#OpenDataDay: let's explore data on computer repairs


Without information on the outcome of the repair, it’s hard to comment on the solution field. @neil will make that information visible, so that context becomes clearer



Linking to chat for opening in a separate tab, people are finding it frustrating having it in thread (and it doesn’t allow you to have it open in two places):



I’ve left most of the solution part blank because I had no way of knowing the outcome… perhaps somebody else can help with that, and check over my categorisations.


I’m going to have a play with visualising some of the data - working from the file devices_all.csv :slight_smile:


Same here, most entries do not list the solution.

Also there’s not enough info to distinguish the fault categories on a fine grain, so I end up using just Hardware and Software.

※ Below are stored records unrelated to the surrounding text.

(* Let $\mathcal{H}$ be a finite hypothesis class of maps $\mathcal{X}\times\{-1,1\}\to\{-1,1\}$ containing the constant classifiers, let $\mathcal{D}_E$ be an empirical distribution over labeled examples $(\hat x,a,y)$, let $\gamma\ge0$, and let $\{(x_j,c_j^{-1},c_j^{+1})\}_{j=1}^n$ be a cost-sensitive classification instance with real costs. Then the FairCSC problem $$\min_{\pi\in\Delta(\mathcal{H})}\ \mathbb{E}_{h\sim\pi}\Big[\sum_{j=1}^n c_j^{h(x_j)}\Big]\quad\text{subject to}\quad |\Delta_{FPR}(\pi,\mathcal{D}_E)|\le\gamma$$ has an optimal solution that is a distribution over $\mathcal{H}$ with support size at most $2$.
   Context: $\Delta(\mathcal{H})$ is the set of probability distributions over $\mathcal{H}$. For $j\in\{-1,1\}$, $FPR_j(\pi,\mathcal{D}_E)=\mathbb{E}_{h\sim\pi}[\Pr_{(x,y)\sim\mathcal{D}_E}(h(x)=+1\mid a=j,y=-1)]$ with $x=(\hat x,a)$, and $\Delta_{FPR}(\pi,\mathcal{D}_E)=FPR_1(\pi,\mathcal{D}_E)-FPR_{-1}(\pi,\mathcal{D}_E)$ (assume $\mathcal{D}_E$ contains examples with $y=-1$ in each group so these rates are defined). *)

From mathcomp Require Import all_boot all_order all_algebra.
From mathcomp Require Import reals.
Set Implicit Arguments. Unset Strict Implicit. Unset Printing Implicit Defensive.
Import Order.TTheory GRing.Theory Num.Theory.
Local Open Scope ring_scope.

(* Labels and group attributes in {-1,1} are encoded as bool:
   true = +1, false = -1. *)

Definition hypothesis (X : Type) := X * bool -> bool.

(* A labeled example ((xhat, a), y). *)
Definition example (X : Type) := ((X * bool) * bool)%type.

Definition is_distr (R : realType) (I : finType) (pi : I -> R) : Prop :=
  (forall i, 0 <= pi i) /\ \sum_(i : I) pi i = 1.

(* Empirical distribution D_E: uniform over the sample S (with multiplicity).
   Pr_{D_E}(h(x) = +1 | a = j, y = -1). *)
Definition fp_rate (X : Type) (R : realType) (S : seq (example X))
    (h : hypothesis X) (j : bool) : R :=
  (count (fun e : example X => [&& e.1.2 == j, ~~ e.2 & h e.1]) S)%:R /
  (count (fun e : example X => (e.1.2 == j) && ~~ e.2) S)%:R.

Definition FPR (X : Type) (R : realType) (I : finType) (hyp : I -> hypothesis X)
    (S : seq (example X)) (pi : I -> R) (j : bool) : R :=
  \sum_(i : I) pi i * fp_rate R S (hyp i) j.

Definition Delta_FPR (X : Type) (R : realType) (I : finType)
    (hyp : I -> hypothesis X) (S : seq (example X)) (pi : I -> R) : R :=
  FPR hyp S pi true - FPR hyp S pi false.

Definition csc_cost (X : Type) (R : realType) (I : finType)
    (hyp : I -> hypothesis X) (n : nat) (xs : 'I_n -> X * bool)
    (c : 'I_n -> bool -> R) (pi : I -> R) : R :=
  \sum_(i : I) pi i * \sum_(j < n) c j (hyp i (xs j)).

Definition fair_feasible (X : Type) (R : realType) (I : finType)
    (hyp : I -> hypothesis X) (S : seq (example X)) (gamma : R) (pi : I -> R) : Prop :=
  is_distr pi /\ `|Delta_FPR hyp S pi| <= gamma.

Definition support_size (R : realType) (I : finType) (pi : I -> R) : nat :=
  #|[set i : I | pi i != 0]|.

(* Write f i for the FPR gap of hypothesis i and v i for its total cost; both
   objectives are linear in pi.  A feasible pi whose gap has mean F is, up to
   scaling, a mixture of the two-point distributions of mean F that pair each
   i with f i <= F against each j with f j > F, so its cost dominates that of
   some feasible two-point mixture.  Shifting the weight of a feasible mixture
   of i and j towards the cheaper endpoint lowers the cost and keeps it feasible
   until either that endpoint is reached or the constraint |gap| <= gamma
   becomes tight.  So the optimum is attained among finitely many candidates:
   pure hypotheses and mixtures of two hypotheses with gap exactly +gamma or
   -gamma, and the cheapest feasible candidate has support at most two. *)

From mathcomp Require Import all_boot all_order all_algebra.
From mathcomp Require Import reals.
From mathcomp Require Import ring lra.
Set Implicit Arguments. Unset Strict Implicit. Unset Printing Implicit Defensive.
Import Order.TTheory GRing.Theory Num.Theory.
Local Open Scope ring_scope.

Section Interpolation.
Variable R : realFieldType.

Definition crossing (x y c : R) : R := (c - y) / (x - y).

Lemma crossing_above (x y c t : R) :
  0 <= t <= 1 -> t * x + (1 - t) * y <= c < x ->
  t <= crossing x y c <= 1 /\
  crossing x y c * x + (1 - crossing x y c) * y = c.
Proof.
move=> /andP[t_ge0 t_le1] /andP[mix_le c_lt].
have d_gt0 : 0 < x - y.
  rewrite ltNge; apply/negP => d_le0.
  have : (1 - t) * (x - y) <= 0 by apply: mulr_ge0_le0; lra.
  lra.
set s := crossing x y c.
have sd : s * (x - y) = c - y by rewrite divfK ?gt_eqF.
split; first by apply/andP; split; rewrite -(ler_pM2r d_gt0) sd ?mul1r; lra.
by rewrite -[RHS](subrK y) -sd; ring.
Qed.

Lemma crossing_below (x y c t : R) :
  0 <= t <= 1 -> x < c <= t * x + (1 - t) * y ->
  t <= crossing x y c <= 1 /\
  crossing x y c * x + (1 - crossing x y c) * y = c.
Proof.
move=> t01 /andP[x_lt mix_ge].
have -> : crossing x y c = crossing (- x) (- y) (- c).
  by rewrite /crossing -[- c - - y]opprD -[- x - - y]opprD invrN mulrNN.
case: (@crossing_above (- x) (- y) (- c) t t01) => [|s01 mix_eq].
  by apply/andP; split; lra.
by split=> //; lra.
Qed.

End Interpolation.

Section PairwiseSum.
Variables (R : realFieldType) (I : finType).

Lemma sum_ge0_of_pairwise (p a g : I -> R) :
  (forall i, 0 <= p i) -> \sum_i p i * a i = 0 ->
  (forall i, a i = 0 -> 0 <= g i) ->
  (forall i j, a i <= 0 < a j -> 0 <= a j * g i - a i * g j) ->
  0 <= \sum_i p i * g i.
Proof.
move=> p_ge0 pa0 g_ge0 pair_ge0.
pose L i := a i <= 0.
set A := \sum_(j | ~~ L j) p j * a j.
have A_ge0 : 0 <= A.
  by apply: sumr_ge0 => j; rewrite -ltNge => /ltW; apply: mulr_ge0.
have sumL : \sum_(i | L i) p i * a i = - A.
  by move: pa0; rewrite (bigID L) /= -/A; lra.
have cross : A * \sum_i p i * g i =
    \sum_(i | L i) \sum_(j | ~~ L j) p i * p j * (a j * g i - a i * g j).
  have -> : A * \sum_i p i * g i =
      (\sum_(i | L i) p i * g i) * A -
      (\sum_(i | L i) p i * a i) * \sum_(j | ~~ L j) p j * g j.
    by rewrite sumL (bigID L) /=; ring.
  rewrite !mulr_suml -sumrB; apply: eq_bigr => i _.
  rewrite !mulr_sumr -sumrB; apply: eq_bigr => j _; ring.
have [A_gt0 | A_eq0] : 0 < A \/ A = 0.
  by move: A_ge0; rewrite le_eqVlt => /orP[/eqP <-|]; [right | left].
  rewrite -(pmulr_rge0 _ A_gt0) cross.
  apply: sumr_ge0 => i Li; apply: sumr_ge0 => j Lj.
  apply: mulr_ge0; first exact: mulr_ge0.
  by apply: pair_ge0; apply/andP; rewrite ltNge.
have pa_eq0 i : p i * a i = 0.
  have [Li | Li] := boolP (L i); last first.
    apply: (psumr_eq0P _ A_eq0 Li) => j.
    by rewrite -ltNge => /ltW; apply: mulr_ge0.
  apply: oppr_inj; rewrite oppr0.
  apply: (psumr_eq0P (F := fun j => - (p j * a j)) _ _ Li).
    by move=> j Lj; rewrite oppr_ge0 mulr_ge0_le0.
  by rewrite sumrN sumL opprK.
apply: sumr_ge0 => i _; move/eqP: (pa_eq0 i).
rewrite mulf_eq0 => /orP[/eqP -> | /eqP /g_ge0]; first by rewrite mul0r.
exact: mulr_ge0.
Qed.

End PairwiseSum.

Section TwoPointOptimum.
Variables (R : realFieldType) (I : finType) (f v : I -> R) (gamma : R).

Definition pair_feasible (i j : I) (t : R) : bool :=
  (0 <= t <= 1) && (`|t * f i + (1 - t) * f j| <= gamma).

Definition pair_cost (i j : I) (t : R) : R := t * v i + (1 - t) * v j.

Lemma pair_feasibleC i j t : pair_feasible j i (1 - t) = pair_feasible i j t.
Proof.
rewrite /pair_feasible subKr [_ + t * _]addrC subr_ge0 gerBl.
by rewrite [(t <= 1) && _]andbC.
Qed.

Lemma pair_costC i j t : pair_cost j i (1 - t) = pair_cost i j t.
Proof. by rewrite /pair_cost; ring. Qed.

Lemma pair_cost_le i j s t :
  v i <= v j -> t <= s -> pair_cost i j s <= pair_cost i j t.
Proof.
move=> vij ts; have : 0 <= (s - t) * (v j - v i) by apply: mulr_ge0; lra.
by rewrite /pair_cost; lra.
Qed.

(* (i, j, None) is the pure hypothesis j; (i, j, Some b) is the mixture of i
   and j whose gap is exactly gamma (b = true) or - gamma (b = false). *)
Definition vertex_weight (k : I * I * option bool) : R :=
  if k.2 is Some b
  then crossing (f k.1.1) (f k.1.2) (if b then gamma else - gamma) else 0.

Definition vertex_feasible (k : I * I * option bool) : bool :=
  pair_feasible k.1.1 k.1.2 (vertex_weight k).

Definition vertex_cost (k : I * I * option bool) : R :=
  pair_cost k.1.1 k.1.2 (vertex_weight k).

Lemma vertex_feasible_pure i : vertex_feasible (i, i, None) = (`|f i| <= gamma).
Proof.
by rewrite /vertex_feasible /pair_feasible /= lexx ler01 mul0r subr0 mul1r add0r.
Qed.

Lemma vertex_cost_pure i : vertex_cost (i, i, None) = v i.
Proof. by rewrite /vertex_cost /pair_cost /= mul0r subr0 mul1r add0r. Qed.

Lemma pair_dominated_by_vertex i j t : pair_feasible i j t ->
  exists2 k, vertex_feasible k & vertex_cost k <= pair_cost i j t.
Proof.
wlog vij : i j t / v i <= v j.
  move=> wlog; have [|/ltW] := lerP (v i) (v j); first exact: wlog.
  by rewrite -pair_feasibleC -pair_costC; apply: wlog.
case/andP=> t01; rewrite ler_norml => /andP[mix_lo mix_hi].
have [t_ge0 t_le1] := andP t01.
have [fi_lo | fi_ge] := ltrP (f i) (- gamma).
  have mix_cross : f i < - gamma <= t * f i + (1 - t) * f j by rewrite fi_lo mix_lo.
  have [/andP[t_le s_le1] mix_eq] := crossing_below t01 mix_cross.
  exists (i, j, Some false); last exact: pair_cost_le.
  rewrite /vertex_feasible /vertex_weight /pair_feasible /= mix_eq s_le1.
  rewrite ler_norml lexx andbT.
  by apply/andP; split; lra.
have [fi_le | fi_gt] := lerP (f i) gamma.
  exists (i, i, None); first by rewrite vertex_feasible_pure ler_norml fi_ge fi_le.
  rewrite vertex_cost_pure; apply: le_trans (pair_cost_le vij t_le1).
  by rewrite /pair_cost; lra.
have mix_cross : t * f i + (1 - t) * f j <= gamma < f i by rewrite mix_hi fi_gt.
have [/andP[t_le s_le1] mix_eq] := crossing_above t01 mix_cross.
exists (i, j, Some true); last exact: pair_cost_le.
rewrite /vertex_feasible /vertex_weight /pair_feasible /= mix_eq s_le1.
rewrite ler_norml lexx !andbT.
by apply/andP; split; lra.
Qed.

Definition feasible (pi : I -> R) : Prop :=
  ((forall i, 0 <= pi i) /\ \sum_i pi i = 1) /\ `|\sum_i pi i * f i| <= gamma.

Section LowerBound.
Variable K : R.
Hypothesis pair_cost_ge : forall i j t, pair_feasible i j t -> K <= pair_cost i j t.

Lemma pair_exchange_ge0 (F : R) i j : `|F| <= gamma -> f i - F <= 0 < f j - F ->
  0 <= (f j - F) * (v i - K) - (f i - F) * (v j - K).
Proof.
move=> F_bound /andP[ai aj].
set D := (f j - F) - (f i - F).
have D_gt0 : 0 < D by rewrite /D; lra.
set t := (f j - F) / D.
have tD : t * D = f j - F by rewrite divfK ?gt_eqF.
have t01 : 0 <= t <= 1.
  rewrite /t ler_pdivrMr // mul1r divr_ge0 ?(ltW D_gt0) ?(ltW aj) /D; lra.
have mix_eq : t * f i + (1 - t) * f j = F.
  have -> : t * f i + (1 - t) * f j = F + ((f j - F) - t * D) by rewrite /D; ring.
  by rewrite tD subrr addr0.
have feas : pair_feasible i j t by rewrite /pair_feasible t01 mix_eq F_bound.
have := pair_cost_ge feas; rewrite /pair_cost => cost_ge.
have : 0 <= D * (t * (v i - K) + (1 - t) * (v j - K)) by apply: mulr_ge0; lra.
have -> : D * (t * (v i - K) + (1 - t) * (v j - K)) =
    (t * D) * (v i - K) + (D - t * D) * (v j - K) by ring.
by rewrite tD /D; congr (0 <= _); ring.
Qed.

Lemma feasible_cost_ge pi : feasible pi -> K <= \sum_i pi i * v i.
Proof.
move=> [[pi_ge0 pi_sum1] F_bound]; set F := \sum_i pi i * f i in F_bound.
have sum_sub (h : I -> R) c : \sum_i pi i * (h i - c) = \sum_i pi i * h i - c.
  by under eq_bigr do rewrite mulrBr; rewrite sumrB -mulr_suml pi_sum1 mul1r.
rewrite -subr_ge0 -sum_sub.
apply: (sum_ge0_of_pairwise (a := fun i => f i - F)) => //.
- by rewrite sum_sub subrr.
- move=> i /eqP; rewrite subr_eq0 => /eqP fiF; rewrite subr_ge0.
  have feas : pair_feasible i i 1.
    by rewrite /pair_feasible lexx ler01 subrr mul0r addr0 mul1r fiF.
  by have := pair_cost_ge feas; rewrite /pair_cost subrr mul0r addr0 mul1r.
- by move=> i j; apply: pair_exchange_ge0.
Qed.

End LowerBound.

Definition pair_distr (i j : I) (t : R) (m : I) : R :=
  (if m == i then t else 0) + (if m == j then 1 - t else 0).

Lemma sum_pair_distr i j t (h : I -> R) :
  \sum_m pair_distr i j t m * h m = t * h i + (1 - t) * h j.
Proof.
rewrite /pair_distr; under eq_bigr do rewrite mulrDl; rewrite big_split /=.
congr (_ + _).
  by rewrite (bigD1 i) //= eqxx big1 ?addr0 // => m /negbTE ->; rewrite mul0r.
by rewrite (bigD1 j) //= eqxx big1 ?addr0 // => m /negbTE ->; rewrite mul0r.
Qed.

Lemma pair_distr_feasible i j t :
  pair_feasible i j t -> feasible (pair_distr i j t).
Proof.
case/andP=> /andP[t_ge0 t_le1] mix_bound.
split; last by rewrite sum_pair_distr.
split=> [m | ].
  by rewrite /pair_distr addr_ge0 //; case: ifP; rewrite ?subr_ge0.
have := sum_pair_distr i j t (fun=> 1); rewrite !mulr1 subrKC => <-.
by apply: eq_bigr => m _; rewrite mulr1.
Qed.

Lemma card_support_pair_distr i j t :
  (#|[set m | pair_distr i j t m != 0%R]| <= 2)%N.
Proof.
apply: leq_trans (subset_leq_card (_ : _ \subset [set i; j])) _; last first.
  by rewrite cards2; case: (_ != _).
apply/subsetP => m; rewrite !inE /pair_distr.
by case: (m == i); case: (m == j); rewrite ?orbT // addr0 eqxx.
Qed.

Theorem two_point_optimum i0 : `|f i0| <= gamma ->
  exists pi, [/\ feasible pi,
    forall pi', feasible pi' -> \sum_i pi i * v i <= \sum_i pi' i * v i
  & (#|[set i | pi i != 0%R]| <= 2)%N].
Proof.
rewrite -vertex_feasible_pure => vertex0.
have [[[i j] b] k_feas k_min] := arg_minP vertex_cost vertex0.
exists (pair_distr i j (vertex_weight (i, j, b))); split.
- exact: pair_distr_feasible.
- rewrite sum_pair_distr => pi'; apply: feasible_cost_ge => i' j' t.
  by case/pair_dominated_by_vertex=> k' /k_min; apply: le_trans.
- exact: card_support_pair_distr.
Qed.

End TwoPointOptimum.

Lemma fp_rate_const_false (X : Type) (R : realType) (S : seq (example X)) j :
  fp_rate R S (fun _ => false) j = 0.
Proof.
rewrite /fp_rate (eq_count (a2 := pred0)) ?count_pred0 ?mul0r // => e.
by rewrite /= !andbF.
Qed.

Lemma Delta_FPR_sum (X : Type) (R : realType) (I : finType)
    (hyp : I -> hypothesis X) (S : seq (example X)) (pi : I -> R) :
  Delta_FPR hyp S pi =
  \sum_i pi i * (fp_rate R S (hyp i) true - fp_rate R S (hyp i) false).
Proof. by rewrite /Delta_FPR /FPR -sumrB; apply: eq_bigr => i _; rewrite mulrBr. Qed.

Theorem lemma1 (R : realType) (X : Type) (I : finType)
    (hyp : I -> hypothesis X)
    (hyp_inj : injective hyp)
    (const_pos : exists i : I, hyp i = (fun _ => true))
    (const_neg : exists i : I, hyp i = (fun _ => false))
    (S : seq (example X))
    (S_groups : forall j : bool,
        has (fun e : example X => (e.1.2 == j) && ~~ e.2) S)
    (gamma : R) (gamma_ge0 : 0 <= gamma)
    (n : nat) (xs : 'I_n -> X * bool) (c : 'I_n -> bool -> R) :
  exists pi : I -> R,
    [/\ fair_feasible hyp S gamma pi,
        (forall pi' : I -> R, fair_feasible hyp S gamma pi' ->
           csc_cost hyp xs c pi <= csc_cost hyp xs c pi')
      & (support_size pi <= 2)%N].
Proof.
pose gap i := fp_rate R S (hyp i) true - fp_rate R S (hyp i) false.
have feasibleE pi : fair_feasible hyp S gamma pi <-> feasible gap gamma pi.
  by rewrite /fair_feasible Delta_FPR_sum.
have [i0 hyp_i0] := const_neg.
have gap_i0 : `|gap i0| <= gamma.
  by rewrite /gap hyp_i0 !fp_rate_const_false subrr normr0.
have [pi [pi_feas pi_opt pi_supp]] :=
  two_point_optimum (fun i => \sum_(j < n) c j (hyp i (xs j))) gap_i0.
exists pi; split => //; first exact/feasibleE.
by move=> pi' /feasibleE; apply: pi_opt.
Qed.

Some more specific types of unknown faults would also be useful in addition to the catchall Unknown such as Boot problem and Other power issue.


Neil has unhidden the hidden columns, should be able to see repair_status now


@Janet that’d be great to access the colour palette and any standard icons / illustrations you use for different devices etc. if that’s ok to share?


I can prepare something for that @Becky_Miller :slight_smile:
Will ping you when ready


Re: Updating reference data

I’m looking to update some of our reference data for laptops & desktops.

But before I get stuck in, I have a question:

Presumably for CO2 footprint, it’s useful to have figures for the latest devices on the market because we use this figure to work out how much CO2 we’d save from people not buying new stuff.

But for the weight of the device, would it not be more useful to use figures from older devices, as these are the ones we’re more likely to be fixing? Given devices tend to be getting lighter (especially laptops), using figures from the very newest machines might be unrealistic…

For now, I’ll add newer devices and keep the older ones too.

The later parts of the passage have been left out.